For Beginners: This contains detailed information about how the model performs on completely new data.

The test set statistics:

  • Show how well the model will likely perform in the real world
  • Provide the final evaluation of model quality
  • Represent the most realistic assessment of model performance

This information is important because:

  • It gives you an unbiased estimate of how your model will perform on new data
  • It's the ultimate measure of whether your model is ready for deployment
  • It helps set realistic expectations for real-world performance

The test set should only be used once, after all model development is complete, to get a true measure of performance without any bias from the development process.

TrainingSet

Gets or sets the statistics for the training dataset.

public DataSetStats<T, TInput, TOutput> TrainingSet { get; set; }

Property Value

DataSetStats<T, TInput, TOutput>

A DataSetStats<T> object containing detailed statistics for the training dataset.

Remarks

This property contains detailed statistics for the model's performance on the training dataset. The training dataset is the portion of the data used to train the model, and the model's performance on this dataset indicates how well it has learned the patterns in the training data. However, good performance on the training dataset alone does not guarantee that the model will generalize well to new, unseen data. Comparing the model's performance on the training dataset with its performance on the validation and test datasets can help identify issues like overfitting.

For Beginners: This contains detailed information about how the model performs on the data it was trained with.

The training set statistics:

  • Show how well the model learned from the training data
  • Include error measurements, prediction quality metrics, and basic statistics
  • Store the actual input features, target values, and model predictions

This information is important because:

  • It helps you understand what the model learned
  • It serves as a baseline for comparison with validation and test performance
  • Very high performance here but poor performance on other sets can indicate overfitting

For example, if your model achieves 95% accuracy on the training data but only 70% on the validation data, it might be memorizing the training data rather than learning generalizable patterns.

ValidationSet

Gets or sets the statistics for the validation dataset.

public DataSetStats<T, TInput, TOutput> ValidationSet { get; set; }

Property Value

DataSetStats<T, TInput, TOutput>

A DataSetStats<T> object containing detailed statistics for the validation dataset.

Remarks

This property contains detailed statistics for the model's performance on the validation dataset.

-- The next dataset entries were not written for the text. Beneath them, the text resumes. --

(* Let $q\ge1$ and $t$ be integers with $0\le t<q$, and let $\mathcal{C}_{q,t}^{\mathrm{det}}=\bigcup_{i=0}^{\lfloor (q-1)/(t+1)\rfloor}\mathcal{S}_{q-i(t+1)}^q.$ Then $\mathcal{C}_{q,t}^{\mathrm{det}}$ is a $t$-tail-deletion-detecting code, and it is optimal, i.e. $\mathsf{DEL}_{\mathrm{det}}(q,t)=|\mathcal{C}_{q,t}^{\mathrm{det}}|=\sum_{i=0}^{\lfloor (q-1)/(t+1)\rfloor}|\mathcal{S}_{q-i(t+1)}^q|=q!\sum_{i=0}^{\lfloor (q-1)/(t+1)\rfloor}\frac{1}{(i(t+1))!}.$
   Context: Let $[q]=\{0,1,\dots,q-1\}$. For $1\le m\le q$, a partial permutation of length $m$ over $[q]$ is a sequence $\pi=(\pi_1,\dots,\pi_m)$ of $m$ pairwise distinct elements of $[q]$. Let $\mathcal{S}_m^q$ be the set of those of length $m$ and $\mathcal{S}_{\mathrm{all}}^q=\bigcup_{m=1}^{q}\mathcal{S}_m^q$. A code is any subset of $\mathcal{S}_{\mathrm{all}}^q$. For $\pi$ of length $m$ and integer $j\ge 0$, $\pi_{\downarrow j}=(\pi_{k+1},\dots,\pi_m)$ with $k=\min(j,m-1)$ (leftmost symbols are deleted; the last symbol is never deleted); $\mathcal{B}_{\mathrm{del}}^t(\pi)=\{\pi_{\downarrow j}:0\le j\le t\}$. A code $\mathcal{C}$ is $t$-tail-deletion-detecting if $\mathcal{C}\cap\mathcal{B}_{\mathrm{del}}^t(\pi)=\{\pi\}$ for every $\pi\in\mathcal{C}$. $\mathsf{DEL}_{\mathrm{det}}(q,t)$ denotes the maximum size of a $t$-tail-deletion-detecting code in $\mathcal{S}_{\mathrm{all}}^q$. *)

From mathcomp Require Import all_boot all_order all_algebra.
Unset Printing Implicit Defensive.

Definition pperm (q : nat) (s : seq 'I_q) : bool :=
  uniq s && (0 < size s <= q).

Definition tail_del (q : nat) (j : nat) (s : seq 'I_q) : seq 'I_q :=
  drop (minn j (size s).-1) s.

(* A code is a finite set of partial permutations, represented by a
   duplicate-free list [C] (all codes are finite since S_all^q is finite).
   t-tail-deletion-detecting: C ∩ B_del^t(pi) = {pi} for every pi in C.
   (pi itself is in B_del^t(pi) via j = 0, so this says every element of
   the ball lying in C equals pi.) *)
Definition tdd_code (q t : nat) (C : seq (seq 'I_q)) : Prop :=
  forall p, p \in C -> forall j, j <= t -> tail_del q j p \in C -> tail_del q j p = p.

Definition is_code (q : nat) (C : seq (seq 'I_q)) : Prop :=
  uniq C /\ all (pperm q) C.

Definition is_DEL_det (q t n : nat) : Prop :=
  (exists C : seq (seq 'I_q), is_code q C /\ tdd_code q t C /\ size C = n) /\
  (forall C : seq (seq 'I_q), is_code q C -> tdd_code q t C -> size C <= n).

Definition in_Cdet (q t : nat) (s : seq 'I_q) : bool :=
  pperm q s && has (fun i => size s == q - i * t.+1) (iota 0 ((q - 1) %/ t.+1).+1).

From mathcomp Require Import all_boot all_order all_algebra.
From mathcomp Require Import zify.
Import GRing.Theory Num.Theory.

(* A partial permutation lies in C_det exactly when its length m satisfies
   1 <= m <= q and t+1 | q - m.  Deleting j <= t leading symbols changes the
   length by less than t+1, so the result can only stay in C_det if nothing
   was deleted.  For optimality, complete each word p of a t-tail-deletion-
   detecting code C by prepending (q - |p|) mod (t+1) <= t unused symbols.
   This lands in C_det, and if |p| <= |p'| have the same completion then p is
   p' with |p'| - |p| <= t leading symbols deleted, so p = p' since C detects
   this.  Hence |C| <= |C_det|, and |S_m^q| = q!/(q-m)! gives the formula. *)

Section FiniteAlphabet.
Variable T : finType.

Definition pad_front (n : nat) (p : seq T) : seq T :=
  take n [seq x <- enum T | x \notin p] ++ p.

Lemma size_unused (p : seq T) :
  uniq p -> size [seq x <- enum T | x \notin p] = #|T| - size p.
Proof.
move=> up; rewrite -(card_uniqP up) -(cardC (mem p)) addKn.
rewrite cardE /enum_mem -filter_predI; congr size.
by apply: eq_filter => x; rewrite /= !inE andbT.
Qed.

Lemma uniq_pad_front n p : uniq p -> uniq (pad_front n p).
Proof.
move=> up; rewrite cat_uniq up andbT.
rewrite take_uniq ?(filter_uniq _ (enum_uniq T)) //.
by apply/hasPn=> x xp; apply/negP=> /mem_take; rewrite mem_filter xp.
Qed.

Section Fits.
Variables (n : nat) (p : seq T).
Hypotheses (up : uniq p) (fits : n + size p <= #|T|).

Lemma size_take_unused : size (take n [seq x <- enum T | x \notin p]) = n.
Proof. by rewrite size_takel // size_unused //; lia. Qed.

Lemma size_pad_front : size (pad_front n p) = n + size p.
Proof. by rewrite size_cat size_take_unused. Qed.

Lemma drop_pad_front : drop n (pad_front n p) = p.
Proof. by rewrite -{1}size_take_unused drop_size_cat. Qed.
End Fits.

Definition uniq_tuples (n : nat) : seq (seq T) :=
  [seq val s | s <- enum [set s : n.-tuple T | uniq s]].

Lemma mem_uniq_tuples n s : (s \in uniq_tuples n) = (size s == n) && uniq s.
Proof.
apply/mapP/andP=> [[u] | [/eqP sz us]].
  by rewrite mem_enum inE => us ->; rewrite size_tuple.
by exists (Tuple (introT eqP sz)); rewrite ?mem_enum ?inE.
Qed.

Lemma uniq_uniq_tuples n : uniq (uniq_tuples n).
Proof. by rewrite map_inj_uniq ?enum_uniq //; apply: val_inj. Qed.

Lemma size_uniq_tuples n :
  size (uniq_tuples n) = #|[set s : n.-tuple T | uniq s]|.
Proof. by rewrite size_map -cardE. Qed.

Lemma card_set_uniq_tuples n : #|[set s : n.-tuple T | uniq s]| = #|T| ^_ n.
Proof.
rewrite -(card_uniq_tuples n predT).
by apply: eq_card => s; rewrite !inE all_predT.
Qed.
End FiniteAlphabet.

Arguments pad_front {T}.

Lemma uniq_flatten_sized (T : eqType) (F : nat -> seq (seq T)) (ns : seq nat) :
  uniq ns -> (forall n, uniq (F n)) -> (forall n s, s \in F n -> size s = n) ->
  uniq (flatten [seq F n | n <- ns]).
Proof.
move=> + uF szF; elim: ns => //= n ns IH /andP[nns /IH{}IH].
rewrite cat_uniq uF IH andbT /=; apply/hasP=> -[s /flattenP[_ /mapP[m mns ->]]].
by move=> /szF szm /szF szn; move: nns; rewrite -szn szm mns.
Qed.

Section TailDeletionDetecting.
Variables q t : nat.
Hypothesis q_gt0 : 0 < q.
Implicit Types (p s : seq 'I_q) (C : seq (seq 'I_q)).

Definition Cdet_lengths : seq nat :=
  [seq q - i * t.+1 | i <- iota 0 ((q - 1) %/ t.+1).+1].

Lemma mem_Cdet_lengths m :
  (m \in Cdet_lengths) = (0 < m <= q) && (t.+1 %| q - m).
Proof.
apply/mapP/andP=> [[i] | [/andP[m_gt0 m_le] /dvdnP[i def_i]]].
  rewrite mem_iota ltnS => /andP[_ le_i] ->.
  have : i * t.+1 <= q - 1 by rewrite -leq_divRL.
  by split; [lia | rewrite subKn ?dvdn_mull //; lia].
exists i; last lia.
by rewrite mem_iota ltnS leq_divRL //; lia.
Qed.

Lemma in_CdetE s :
  in_Cdet q t s = [&& uniq s, 0 < size s <= q & t.+1 %| q - size s].
Proof.
rewrite /in_Cdet /pperm (_ : has _ _ = (size s \in Cdet_lengths)).
  by rewrite mem_Cdet_lengths; case: (uniq s); case: (0 < size s <= q).
by rewrite -has_pred1 has_map; apply: eq_has => i; apply: eq_sym.
Qed.

Lemma Cdet_tail_del_eq p j : in_Cdet q t p -> j <= t ->
  in_Cdet q t (tail_del q j p) -> tail_del q j p = p.
Proof.
rewrite !in_CdetE /tail_del size_drop => /and3P[_ /andP[_ p_le] dvd_p] le_jt.
case/and3P=> _ _; set d := minn j _.
have -> : q - (size p - d) = (q - size p) + d by lia.
rewrite dvdn_addr // => dvd_d.
have [-> | d_gt0] := posnP d; first by rewrite drop0.
by have := dvdn_leq d_gt0 dvd_d; lia.
Qed.

Definition pad_len (m : nat) : nat := (q - m) %% t.+1.

Definition complete p : seq 'I_q := pad_front (pad_len (size p)) p.

Lemma pad_len_le m : pad_len m <= t.
Proof. by rewrite -ltnS ltn_mod. Qed.

Lemma complete_fits p : size p <= q -> pad_len (size p) + size p <= #|'I_q|.
Proof.
by rewrite card_ord /pad_len; have := leq_mod (q - size p) t.+1; lia.
Qed.

Lemma complete_Cdet p : pperm q p -> in_Cdet q t (complete p).
Proof.
case/and3P=> up p_gt0 /complete_fits fits.
rewrite in_CdetE uniq_pad_front // size_pad_front //.
rewrite card_ord in fits.
apply/and3P; split=> //; first by rewrite fits addn_gt0 p_gt0 orbT.
by rewrite addnC subnDA {1}(divn_eq (q - size p) t.+1) addnK dvdn_mull.
Qed.

Lemma complete_inj C :
  is_code q C -> tdd_code q t C -> {in C &, injective complete}.
Proof.
move=> [_ /allP ppC] tddC.
suff le_inj p p' : p \in C -> p' \in C -> size p <= size p' ->
    complete p = complete p' -> p = p'.
  move=> p p' pC p'C; have [le_pp' | /ltnW le_p'p] := leqP (size p) (size p').
    exact: le_inj.
  by move=> eq_c; apply/esym/le_inj.
move=> pC p'C le_pp' eq_c.
have /and3P[up p_gt0 /complete_fits fits] := ppC p pC.
have /and3P[up' _ /complete_fits fits'] := ppC p' p'C.
have eq_sz : pad_len (size p) + size p = pad_len (size p') + size p'.
  by have := congr1 size eq_c; rewrite /complete !size_pad_front.
have le_pad := pad_len_le (size p).
have def_p : p = drop (size p' - size p) p'.
  have pad_eq : pad_len (size p) = size p' - size p + pad_len (size p').
    by lia.
  transitivity (drop (pad_len (size p)) (complete p)).
    by rewrite drop_pad_front.
  by rewrite eq_c pad_eq -drop_drop /complete drop_pad_front.
have tail_p : tail_del q (size p' - size p) p' = p.
  by rewrite /tail_del (_ : minn _ _ = size p' - size p) -?def_p //; lia.
have le_d : size p' - size p <= t by lia.
by rewrite -tail_p; apply: tddC; rewrite ?tail_p.
Qed.

Definition Cdet : seq (seq 'I_q) :=
  flatten [seq uniq_tuples 'I_q n | n <- Cdet_lengths].

Lemma mem_Cdet s : (s \in Cdet) = in_Cdet q t s.
Proof.
rewrite in_CdetE -mem_Cdet_lengths andbC; apply/flattenP/andP.
  by case=> _ /mapP[n nL ->]; rewrite mem_uniq_tuples => /andP[/eqP ->].
case=> sL us; exists (uniq_tuples 'I_q (size s)); first exact: map_f.
by rewrite mem_uniq_tuples eqxx.
Qed.

Lemma uniq_Cdet : uniq Cdet.
Proof.
apply: uniq_flatten_sized => [|n | n s]; last 2 first.
- exact: uniq_uniq_tuples.
- by rewrite mem_uniq_tuples => /andP[/eqP].
rewrite map_inj_in_uniq ?iota_uniq // => i j.
rewrite !mem_iota !ltnS !leq_divRL // => /andP[_ le_i] /andP[_ le_j] eq_ij.
have /eqP : i * t.+1 = j * t.+1 by lia.
by rewrite eqn_mul2r => /eqP.
Qed.

Lemma size_Cdet : size Cdet =
  \sum_(i < ((q - 1) %/ t.+1).+1)
     #|[set s : (q - i * t.+1).-tuple 'I_q | uniq s]|.
Proof.
pose F i := #|[set s : (q - i * t.+1).-tuple 'I_q | uniq s]|.
rewrite -(big_mkord xpredT F) /index_iota subn0.
rewrite size_flatten /shape sumnE !big_map.
by apply: eq_bigr => i _; rewrite size_uniq_tuples.
Qed.

Lemma tdd_Cdet : tdd_code q t Cdet.
Proof. by move=> p + j; rewrite !mem_Cdet; apply: Cdet_tail_del_eq. Qed.

Lemma is_code_Cdet : is_code q Cdet.
Proof.
split; first exact: uniq_Cdet.
by apply/allP=> s; rewrite mem_Cdet => /andP[].
Qed.

Lemma tdd_code_size_le C : is_code q C -> tdd_code q t C -> size C <= size Cdet.
Proof.
move=> codeC tddC; have [uC /allP ppC] := codeC.
rewrite -(size_map complete); apply: uniq_leq_size.
  by rewrite map_inj_in_uniq //; apply: complete_inj.
by move=> _ /mapP[p pC ->]; rewrite mem_Cdet complete_Cdet // ppC.
Qed.

Lemma is_DEL_det_Cdet : is_DEL_det q t (size Cdet).
Proof.
split; last exact: tdd_code_size_le.
by exists Cdet; split; [exact: is_code_Cdet | split; [exact: tdd_Cdet | ]].
Qed.

End TailDeletionDetecting.

Local Open Scope ring_scope.

Lemma natr_ffact (R : numFieldType) (n m : nat) :
  (m <= n)%N -> (n ^_ m)%:R = (n`!)%:R / ((n - m)`!)%:R :> R.
Proof.
move=> le_mn; rewrite -(ffact_fact le_mn) natrM mulfK //.
by rewrite pnatr_eq0 -lt0n fact_gt0.
Qed.

Theorem mainTheorem8 (q t : nat) (hq : (1 <= q)%N) (ht : (t < q)%N) :
  exists C : seq (seq 'I_q),
    uniq C /\
    (forall s, (s \in C) = in_Cdet q t s) /\
    tdd_code q t C /\
    is_DEL_det q t (size C) /\
    size C = (\sum_(i < ((q - 1) %/ t.+1).+1)
                    #|[set s : (q - i * t.+1).-tuple 'I_q | uniq s]|)%N /\
    (size C)%:R = (q`!)%:R * \sum_(i < ((q - 1) %/ t.+1).+1)
                                  ((i * t.+1)`!)%:R^-1 :> rat.
Proof.
exists (Cdet q t); split; first exact: uniq_Cdet.
split; first exact: mem_Cdet.
split; first exact: tdd_Cdet.
split; first exact: is_DEL_det_Cdet.
split; first exact: size_Cdet.
rewrite size_Cdet natr_sum mulr_sumr; apply: eq_bigr => i _.
have le_i : (i * t.+1 <= q)%N.
  by apply: leq_trans (leq_subr 1 q); rewrite -leq_divRL // -ltnS.
by rewrite card_set_uniq_tuples card_ord natr_ffact ?leq_subr // subKn.
Qed.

The validation dataset is a portion of the data that is not used for training but is used to tune hyperparameters and make decisions about model selection. The model's performance on the validation dataset provides an estimate of how well it will generalize to new, unseen data. Comparing the model's performance on the validation dataset with its performance on the training dataset can help identify issues like overfitting, where the model performs well on the training data but poorly on new data.

For Beginners: This contains detailed information about how the model performs on data it has seen but wasn't trained with.

The validation set statistics:

  • Show how well the model generalizes to data it wasn't trained on
  • Help detect overfitting (when the model performs much better on training than validation)
  • Guide decisions about model selection and hyperparameter tuning

This information is important because:

  • It provides a more realistic estimate of model performance than training data
  • It helps you make decisions about when to stop training or which model to choose
  • It can reveal problems before you test on your final test set

For example, if you're trying different model configurations, you would compare their performance on the validation set to decide which one to use.